◆ **TASK INPUTS**:
Fixpoint fiter (k n : nat) : X k -> X (n + k) :=
  match n return X k -> X (n + k) with
  | 0 => id
  | m.+1 => fun x => f (m + k)%N (fiter k m x)
  end.

Definition ppreim {T U : Type} (g : T -> U) (P : set (set U)) : set (set T) :=
  [set C | exists2 A, P A & C = g @^-1` A /\ C !=set0].

Definition pjoin {T : Type} (P Q : set (set T)) : set (set T) :=
  [set C | exists A B, [/\ P A, Q B, C = A `&` B & C !=set0]].

(* \bigvee_{i=0}^{m-1} f_k^{-i} P_{k+i} *)
Fixpoint jn (P : pseq) (k m : nat) : set (set (X k)) :=
  match m with
  | 0 => [set setT]
  | m'.+1 => pjoin (jn P k m') (ppreim (fiter k m') (P (m' + k)%N))
  end.

Definition admissible (E : set pseq) : Prop :=
  [/\ E !=set0,
      E `<=` Emax,
      (forall P Q, E P -> Emax Q -> coarser Q P -> E Q)
    & (forall P (m : nat), E P -> (1 <= m)%N ->
         E (fun k => jn P k m))].

Definition Ecl (F : set pseq) : set pseq :=
  [set P | forall E, admissible E -> F `<=` E -> E P].

Variable mu : forall n, probability (X n) R.

Definition Hent_gen (n : nat) (P : set (set (X n))) : R :=
  - (\sum_(A \in P) (fine (mu n A) * ln (fine (mu n A)))).

Definition hP (P : pseq) : \bar R :=
  limn_esup (fun n : nat => ((n%:R)^-1 * Hent_gen 0 (jn P 0 n))%:E).

Definition hE (E : set pseq) : \bar R := ereal_sup [set hP P | P in E].

Definition Hcl (F : set pseq) : set pseq :=
  [set Q | Emax Q /\ exists2 P, F P & (hP Q <= hP P)%E].

End NDS.

Definition metric_NDS (R : realType) (d : nat -> measure_display)
  (X : forall n : nat, measurableType (d n))
  (mu : forall n, probability (X n) R) (f : forall n, X n -> X n.+1) : Prop :=
  (forall n, measurable_fun setT (f n)) /\
  (forall n (A : set (X n.+1)), measurable A -> mu n (f n @^-1` A) = mu n.+1 A).

From HB Require Import structures.
From mathcomp Require Import all_boot all_order all_algebra.
From mathcomp Require Import finmap.
From mathcomp Require Import all_classical all_reals all_analysis.
From mathcomp Require Import lra zify.
Import Order.TTheory GRing.Theory Num.Theory.
Local Open Scope classical_set_scope.

(* Refining a finite measurable partition can only increase its entropy, so
   [h] does not increase when every partition of a sequence is made coarser.
   The [n]-fold join of the [m]-step joins of a sequence is refined by its own
   [(n + m - 1)]-fold join, and each further step of a join splits every block
   into at most [C] pieces (for [C] a bound on the cardinalities), raising the
   entropy by at most [C]; after division by [n] this bounded excess vanishes
   in the limsup.  Hence [H(F)] is closed under (B) and (C); being admissible
   and containing [F], it contains [E(F)], and the three suprema agree because
   every value of [h] on [H(F)] is dominated by a value on [F]. *)

Section Partition.
Context {T : Type}.
Implicit Types (P Q : set (set T)) (x y : T).

Definition coblock P x y := exists2 A, P A & A x /\ A y.

Definition refines Q P := forall C, Q C -> exists2 A, P A & C `<=` A.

◆ **PROBLEM**: Print out the listing in full, exactly as it appears.

◆ **RESPONSE AREA**:
Fixpoint fiter (k n : nat) : X k -> X (n + k) :=
  match n return X k -> X (n + k) with
  | 0 => id
  | m.+1 => fun x => f (m + k)%N (fiter k m x)
  end.

Definition ppreim {T U : Type} (g : T -> U) (P : set (set U)) : set (set T) :=
  [set C | exists2 A, P A & C = g @^-1` A /\ C !=set0].

Definition pjoin {T : Type} (P Q : set (set T)) : set (set T) :=
  [set C | exists A B, [/\ P A, Q B, C = A `&` B & C !=set0]].

(* \bigvee_{i=0}^{m-1} f_k^{-i} P_{k+i} *)
Fixpoint jn (P : pseq) (k m : nat) : set (set (X k)) :=
  match m with
  | 0 => [set setT]
  | m'.+1 => pjoin (jn P k m') (ppreim (fiter k m') (P (m' + k)%N))
  end.

Definition admissible (E : set pseq) : Prop :=
  [/\ E !=set0,
      E `<=` Emax,
      (forall P Q, E P -> Emax Q -> coarser Q P -> E Q)
    & (forall P (m : nat), E P -> (1 <= m)%N ->
         E (fun k => jn P k m))].

Definition Ecl (F : set pseq) : set pseq :=
  [set P | forall E, admissible E -> F `<=` E -> E P].

Variable mu : forall n, probability (X n) R.

Definition Hent_gen (n : nat) (P : set (set (X n))) : R :=
  - (\sum_(A \in P) (fine (mu n A) * ln (fine (mu n A)))).

Definition hP (P : pseq) : \bar R :=
  limn_esup (fun n : nat => ((n%:R)^-1 * Hent_gen 0 (jn P 0 n))%:E).

Definition hE (E : set pseq) : \bar R := ereal_sup [set hP P | P in E].

Definition Hcl (F : set pseq) : set pseq :=
  [set Q | Emax Q /\ exists2 P, F P & (hP Q <= hP P)%E].

End NDS.

Definition metric_NDS (R : realType) (d : nat -> measure_display)
  (X : forall n : nat, measurableType (d n))
  (mu : forall n, probability (X n) R) (f : forall n, X n -> X n.+1) : Prop :=
  (forall n, measurable_fun setT (f n)) /\
  (forall n (A : set (X n.+1)), measurable A -> mu n (f n @^-1` A) = mu n.+1 A).

From HB Require Import structures.
From mathcomp Require Import all_boot all_order all_algebra.
From mathcomp Require Import finmap.
From mathcomp Require Import all_classical all_reals all_analysis.
From mathcomp Require Import lra zify.
Import Order.TTheory GRing.Theory Num.Theory.
Local Open Scope classical_set_scope.

(* Refining a finite measurable partition can only increase its entropy, so
   [h] does not increase when every partition of a sequence is made coarser.
   The [n]-fold join of the [m]-step joins of a sequence is refined by its own
   [(n + m - 1)]-fold join, and each further step of a join splits every block
   into at most [C] pieces (for [C] a bound on the cardinalities), raising the
   entropy by at most [C]; after division by [n] this bounded excess vanishes
   in the limsup.  Hence [H(F)] is closed under (B) and (C); being admissible
   and containing [F], it contains [E(F)], and the three suprema agree because
   every value of [h] on [H(F)] is dominated by a value on [F]. *)

Section Partition.
Context {T : Type}.
Implicit Types (P Q : set (set T)) (x y : T).

Definition coblock P x y := exists2 A, P A & A x /\ A y.

Definition refines Q P := forall C, Q C -> exists2 A, P A & C `<=` A.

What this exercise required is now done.